Lundi 23 mars, le président américain Donald Trump a évoqué des "points d'accord majeurs" avec l'Iran, une déclaration rapidement démentie par le régime de Téhéran.
Les tensions entre les États-Unis et l'Iran pourraient-elles être en passe de s'atténuer ? C'est ce qu'a semblé indiquer Donald Trump lors d'une allocution à l'aéroport de West Palm Beach, en Floride, avant son vol pour Memphis. Selon le président, des discussions ont eu lieu entre les émissaires américains, Steve Witkoff et Jared Kushner, et un dirigeant iranien non spécifié, rapportant la découverte de "15 points d'accord majeurs", selon des informations relayées par BFMTV. Trump a précisé qu'il ne s'agissait pas de négociations avec le guide suprême iranien, Mojtaba Khamenei, mais avec des interlocuteurs qu'il qualifie de "raisonnables" et "respectés".
Bien que le président américain ait insisté sur plusieurs points cruciaux, notamment l'abandon du programme nucléaire iranien, il n'a pas donné de détails concrets sur ces accords. Au cours de son intervention, il a déclaré : "Que les Iraniens n’aient pas l’arme nucléaire, c’est le premier, le deuxième et le troisième point. Ils ont dit 'oui'." Il a aussi évoqué l'importance de l'uranium enrichi, ajoutant qu'un prochain rendez-vous était à l'horizon, lié à une période de cinq jours pour évaluer les progrès. Toutefois, il maintient une menace : "Sinon, nous allons continuer à bombarder allègrement".
L’Iran dénonce des "fausses informations"

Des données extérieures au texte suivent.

(* Let $R$ and $S$ be two non-crossing geometric trees in the plane (vertices in general position) whose convex hulls intersect. Then either the convex hull of one of them lies strictly inside the convex hull of the other, or there exist two adjacent vertices on the convex hull of one of the trees whose visibility is blocked by the other tree (i.e., the segment joining them intersects the other tree).
   Context: A geometric tree is a plane straight-line embedding of a tree in $\mathbb{R}^2$, viewed as a subset of $\mathbb{R}^2$; two trees are non-crossing if they are disjoint as point sets. *)

From HB Require Import structures.
From mathcomp Require Import all_boot all_order all_algebra.
From mathcomp Require Import reals.
Set Implicit Arguments. Unset Strict Implicit. Unset Printing Implicit Defensive.
Import Order.TTheory GRing.Theory Num.Theory.
Local Open Scope ring_scope.

Section Geo.
Variable R : realType.
Definition point := (R * R)%type.

Definition in_seg (a b p : point) : Prop :=
  exists t : R, 0 <= t <= 1 /\
    p = ((1 - t) * a.1 + t * b.1, (1 - t) * a.2 + t * b.2).

Definition orient (a b c : point) : R :=
  (b.1 - a.1) * (c.2 - a.2) - (b.2 - a.2) * (c.1 - a.1).

Definition collinear (a b c : point) : Prop := orient a b c = 0.

Definition general_position (I : finType) (f : I -> point) : Prop :=
  forall i j k : I, i != j -> j != k -> i != k -> ~ collinear (f i) (f j) (f k).

Definition in_hull (V : finType) (pos : V -> point) (p : point) : Prop :=
  exists l : V -> R, (forall v, 0 <= l v) /\ \sum_(v : V) l v = 1 /\
    p = (\sum_(v : V) l v * (pos v).1, \sum_(v : V) l v * (pos v).2).

Definition in_interior (A : point -> Prop) (p : point) : Prop :=
  exists eps : R, 0 < eps /\
    forall q : point, (q.1 - p.1) ^+ 2 + (q.2 - p.2) ^+ 2 < eps -> A q.

(* A geometric tree: vertex set V (finite, nonempty), injective placement pos,
   a simple graph e which is a tree (connected and acyclic), drawn with
   straight-line edges forming a plane embedding. *)
Definition geom_tree (V : finType) (pos : V -> point) (e : rel V) : Prop :=
  [/\ (0 < #|V|)%N, injective pos, symmetric e & irreflexive e] /\
  [/\ (forall x y : V, connect e x y),
      (forall c : seq V, (2 < size c)%N -> ~~ ucycleb e c),
      (forall u v w : V, e u v -> in_seg (pos u) (pos v) (pos w) -> w = u \/ w = v) &
      (forall u v x y : V, e u v -> e x y -> ~ ([set u; v] = [set x; y]) ->
         forall p, in_seg (pos u) (pos v) p -> in_seg (pos x) (pos y) p ->
           exists w : V, [/\ (w == u) || (w == v), (w == x) || (w == y) & p = pos w])].

Definition in_tree (V : finType) (pos : V -> point) (e : rel V) (p : point) : Prop :=
  (exists v : V, p = pos v) \/
  (exists u v : V, e u v /\ in_seg (pos u) (pos v) p).

(* u and v are adjacent vertices on the convex hull of the point family pos:
   [pos u, pos v] is an edge of the hull polygon, i.e. all other points lie
   strictly on one side of the line through pos u and pos v. *)
Definition hull_adjacent (V : finType) (pos : V -> point) (u v : V) : Prop :=
  u != v /\
  ((forall w : V, w != u -> w != v -> 0 < orient (pos u) (pos v) (pos w)) \/
   (forall w : V, w != u -> w != v -> orient (pos u) (pos v) (pos w) < 0)).

Definition join_pos (V W : finType) (f : V -> point) (g : W -> point)
  (x : (V + W)%type) : point :=
  match x with inl v => f v | inr w => g w end.

End Geo.

From HB Require Import structures.
From mathcomp Require Import all_boot all_order all_algebra.
From mathcomp Require Import reals ring lra.
From Stdlib Require Import ClassicalEpsilon Classical.
Import Order.TTheory GRing.Theory Num.Theory.
Local Open Scope ring_scope.
Set Implicit Arguments. Unset Strict Implicit. Unset Printing Implicit Defensive.

(* Write H(T) for the convex hull of the vertices of a tree T.  A segment from a
   vertex inside H(R) to a vertex outside it crosses an edge of the hull polygon
   of R: among its crossings with segments between vertices of R take the last
   one; if that segment were not a hull edge, a vertex of R beyond it would give
   a later crossing.  So if no tree blocks a hull edge of the other, no edge of S
   leaves H(R), and by connectedness either all vertices of S lie in H(R) --
   whence, by general position, H(S) lies in the interior of H(R) -- or none
   does; symmetrically for R.  In the remaining case the hulls meet although no
   vertex lies in the other hull.  Then some segment between vertices of R
   crosses a hull edge cd of S, which is in turn crossed by a hull edge ab of R;
   the path of R from a to b crosses the line cd at a point of H(R), and as H(R)
   meets cd but contains neither c nor d, that point lies on cd. *)

(** * Orientation and segments *)

Section PlaneGeometry.
Variable R : realType.
Implicit Types a b c p q x y : point R.

Definition lerp a b (t : R) : point R := ((1 - t) * a.1 + t * b.1, (1 - t) * a.2 + t * b.2).

Definition dotp p a b : R := (a.1 - p.1) * (b.1 - p.1) + (a.2 - p.2) * (b.2 - p.2).

Lemma orient_rotl a b c : orient a b c = orient b c a.
Proof. rewrite /orient; ring. Qed.

Lemma orient_swap a b c : orient a b c = - orient b a c.
Proof. rewrite /orient; ring. Qed.

Lemma orient_swapr a b c : orient a b c = - orient a c b.
Proof. rewrite /orient; ring. Qed.

Lemma orient_sum a b c p : orient b c p + orient c a p + orient a b p = orient a b c.
Proof. rewrite /orient; ring. Qed.

Lemma orient_lerp a b p q t :
  orient a b (lerp p q t) = (1 - t) * orient a b p + t * orient a b q.
Proof. rewrite /orient /lerp /=; ring. Qed.

Lemma orient_aa a p : orient a a p = 0.
Proof. rewrite /orient; ring. Qed.

Lemma orient_refl_l a b : orient a b a = 0.
Proof. rewrite /orient; ring. Qed.

Lemma orient_refl_r a b : orient a b b = 0.
Proof. rewrite /orient; ring. Qed.

Lemma orient_affine a b p : orient a b p =
  ((b.2 - a.2) * a.1 - (b.1 - a.1) * a.2) + (-(b.2 - a.2)) * p.1 + (b.1 - a.1) * p.2.
Proof. rewrite /orient; ring. Qed.

Lemma orient_bary1 a b c x :
  orient a b c * x.1 = orient b c x * a.1 + orient c a x * b.1 + orient a b x * c.1.
Proof. rewrite /orient; ring. Qed.

Lemma orient_bary2 a b c x :
  orient a b c * x.2 = orient b c x * a.2 + orient c a x * b.2 + orient a b x * c.2.
Proof. rewrite /orient; ring. Qed.

Lemma lerp_lerp p q s r : lerp (lerp p q s) q r = lerp p q (s + r * (1 - s)).
Proof. rewrite /lerp /=; congr (_,_); ring. Qed.

Lemma lerp0 p q : lerp p q 0 = p.
Proof. case: p => ? ?; rewrite /lerp /=; congr (_,_); ring. Qed.

Lemma lerp1 p q : lerp p q 1 = q.
Proof. case: q => ? ?; rewrite /lerp /=; congr (_,_); ring. Qed.

Lemma lerpC p q t : lerp p q t = lerp q p (1 - t).
Proof. rewrite /lerp /=; congr (_,_); ring. Qed.

Lemma in_seg_lerp a b t : 0 <= t <= 1 -> in_seg a b (lerp a b t).
Proof. by exists t. Qed.

Lemma in_segC a b p : in_seg a b p -> in_seg b a p.
Proof.
case=> t [/andP [t0 t1] ->]; rewrite -/(lerp a b t) lerpC.
by apply: in_seg_lerp; apply/andP; split; lra.
Qed.

Lemma in_seg_orient0 a b p : in_seg a b p -> orient a b p = 0.
Proof. by case=> t [_ ->]; rewrite /orient /=; ring. Qed.

Lemma in_seg_same a p : in_seg a a p -> p = a.
Proof. by case=> t [_ ->]; rewrite [a in RHS]surjective_pairing; congr (_,_); ring. Qed.

Lemma neq0_lt0_gt0 (x : R) : x != 0 -> x < 0 \/ 0 < x.
Proof. by rewrite neq_lt => /orP. Qed.

Lemma in_seg_of_orient a b c x : 0 < orient a b c -> orient b c x = 0 ->
  0 <= orient c a x -> 0 <= orient a b x -> in_seg b c x.
Proof.
move=> HD Ha Hb Hc.
have Hs := orient_sum a b c x; have H1 := orient_bary1 a b c x.
have H2 := orient_bary2 a b c x.
move: HD Ha Hb Hc Hs H1 H2.
set D := orient a b c; set al := orient b c x; set be := orient c a x.
set ga := orient a b x; clearbody D al be ga => HD -> Hb Hc Hs H1 H2.
have DN : D != 0 by rewrite gt_eqF.
exists (ga / D); split.
  apply/andP; split; first by apply: divr_ge0 => //; apply: ltW.
  by rewrite ler_pdivrMr // mul1r -Hs add0r lerDr.
case: x H1 H2 => x1 x2 /= H1 H2.
have -> : x1 = (0 * a.1 + be * b.1 + ga * c.1) / D by rewrite -H1 mulrAC divff // mul1r.
have -> : x2 = (0 * a.2 + be * b.2 + ga * c.2) / D by rewrite -H2 mulrAC divff // mul1r.
by rewrite -Hs add0r in DN *; rewrite /lerp /=; congr (_,_); field.
Qed.

(* [x] in the open triangle [abc] is reached from [a] along [ab], then towards [c]. *)
Lemma inside_tri_lerp a b c x :
  0 < orient b c x -> 0 < orient c a x -> 0 < orient a b x ->
  x = lerp (lerp a b (orient c a x / (orient b c x + orient c a x))) c
           (orient a b x / orient a b c).
Proof.
move=> Ha Hb Hc.
have Hs := orient_sum a b c x; have H1 := orient_bary1 a b c x.
have H2 := orient_bary2 a b c x.
move: Ha Hb Hc Hs H1 H2.
set D := orient a b c; set al := orient b c x; set be := orient c a x.
set ga := orient a b x; clearbody D al be ga => Ha Hb Hc Hs H1 H2.
have DN : D != 0 by rewrite -Hs gt_eqF // !addr_gt0.
have AB : al + be != 0 by rewrite gt_eqF // !addr_gt0.
case: x H1 H2 => x1 x2 /= H1 H2.
have -> : x1 = (al * a.1 + be * b.1 + ga * c.1) / D by rewrite -H1 mulrAC divff // mul1r.
have -> : x2 = (al * a.2 + be * b.2 + ga * c.2) / D by rewrite -H2 mulrAC divff // mul1r.
by rewrite -Hs in DN *; rewrite /lerp /=; congr (_,_); field; rewrite ?AB ?DN.
Qed.

Lemma orient_gt0_near a b x : 0 < orient a b x -> exists e : R, 0 < e /\
  forall q, (q.1 - x.1) ^+ 2 + (q.2 - x.2) ^+ 2 < e -> 0 < orient a b q.
Proof.
move=> Ho.
set o := orient a b x; set L := (b.1 - a.1) ^+ 2 + (b.2 - a.2) ^+ 2.
have L0 : 0 <= L by rewrite /L addr_ge0 // sqr_ge0.
have L1 : 0 < 1 + L by lra.
exists (o ^+ 2 / (1 + L)); split; first by apply: divr_gt0 => //; apply: exprn_gt0.
move=> q Hq.
set d := (q.1 - x.1) ^+ 2 + (q.2 - x.2) ^+ 2 in Hq.
set lin := (b.1 - a.1) * (q.2 - x.2) - (b.2 - a.2) * (q.1 - x.1).
have -> : orient a b q = o + lin by rewrite /o /lin /orient; ring.
(* Cauchy-Schwarz: [lin^2 <= L d] *)
have CS : lin ^+ 2 <= L * d.
  have -> : lin ^+ 2 =
      L * d - ((b.1 - a.1) * (q.1 - x.1) + (b.2 - a.2) * (q.2 - x.2)) ^+ 2.
    by rewrite /lin /L /d; ring.
  by rewrite lerBlDr lerDl sqr_ge0.
have d0 : 0 <= d by rewrite /d addr_ge0 // sqr_ge0.
have Hd : (1 + L) * d < o ^+ 2 by rewrite mulrC -ltr_pdivlMr // ltr_pwDl.
have : lin ^+ 2 < o ^+ 2.
  by apply: (le_lt_trans CS); apply: le_lt_trans Hd; apply: ler_wpM2r => //; rewrite lerDr.
by move: Ho; rewrite -/o; clearbody o lin => Ho H; case: (lerP 0 lin) => h; nra.
Qed.

Lemma inside_tri_near a b c x :
  0 < orient b c x -> 0 < orient c a x -> 0 < orient a b x ->
  exists e : R, 0 < e /\ forall q, (q.1 - x.1) ^+ 2 + (q.2 - x.2) ^+ 2 < e ->
    [/\ 0 < orient b c q, 0 < orient c a q & 0 < orient a b q].
Proof.
move=> /orient_gt0_near [e1 [e10 H1]] /orient_gt0_near [e2 [e20 H2]].
move=> /orient_gt0_near [e3 [e30 H3]].
exists (Order.min e1 (Order.min e2 e3)); split; first by rewrite !lt_min e10 e20 e30.
by move=> q; rewrite !lt_min => /and3P [/H1 ? /H2 ? /H3 ?].
Qed.

Lemma sign_change_param (B0 B1 C0 C1 : R) : 0 < B0 -> B1 < 0 -> 0 < C0 ->
  (0 <= C1 \/ B0 / (B0 - B1) <= C0 / (C0 - C1)) ->
  [/\ 0 < B0 / (B0 - B1) < 1, (1 - B0 / (B0 - B1)) * B0 + B0 / (B0 - B1) * B1 = 0 &
     0 <= (1 - B0 / (B0 - B1)) * C0 + B0 / (B0 - B1) * C1].
Proof.
move=> HB0 HB1 HC0 HC.
have BP : 0 < B0 - B1 by rewrite subr_gt0; apply: lt_trans HB1 HB0.
have Hs : B0 / (B0 - B1) * (B0 - B1) = B0 by rewrite divfK // gt_eqF.
move: Hs HC; set s := B0 / (B0 - B1) => Hs HC.
have s0 : 0 < s by rewrite /s divr_gt0.
have s1 : s < 1 by rewrite /s ltr_pdivrMr // mul1r; lra.
split; first by rewrite s0 s1.
  have -> : (1 - s) * B0 + s * B1 = B0 - s * (B0 - B1) by ring.
  by rewrite Hs subrr.
case: HC => HC; first by clearbody s; nra.
case: (lerP 0 C1) => HC1; first by clearbody s; nra.
have CP : 0 < C0 - C1 by rewrite subr_gt0; apply: lt_trans HC1 HC0.
have Ht : C0 / (C0 - C1) * (C0 - C1) = C0 by rewrite divfK // gt_eqF.
move: Ht HC; set u := C0 / (C0 - C1) => Ht HC; clearbody s u.
have -> : (1 - s) * C0 + s * C1 = C0 - s * (C0 - C1) by ring.
rewrite -[X in X - _]Ht -mulrBl; apply: mulr_ge0; lra.
Qed.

Peu après ces déclarations, le ministère des Affaires étrangères iranien a démenti l'existence de négociations. Esmaïl Baghaï, porte-parole du ministère, a affirmé que les informations de Trump étaient fallacieuses, tout en révélant que des messages avaient été reçus d'autres pays sur une demande de pourparlers américains.
Sur le réseau social X, Mohammad Bagher Ghalibaf, président du Parlement iranien, a également réagi, dénonçant les informations diffusées comme étant des tentatives de manipulation destinées à influencer les marchés financiers et pétroliers en difficulté. Dans le cadre d'une conférence de presse à Memphis, Donald Trump a toutefois maintenu ses propos, affirmant que les discussions avaient bien eu lieu et que des avancées étaient significatives.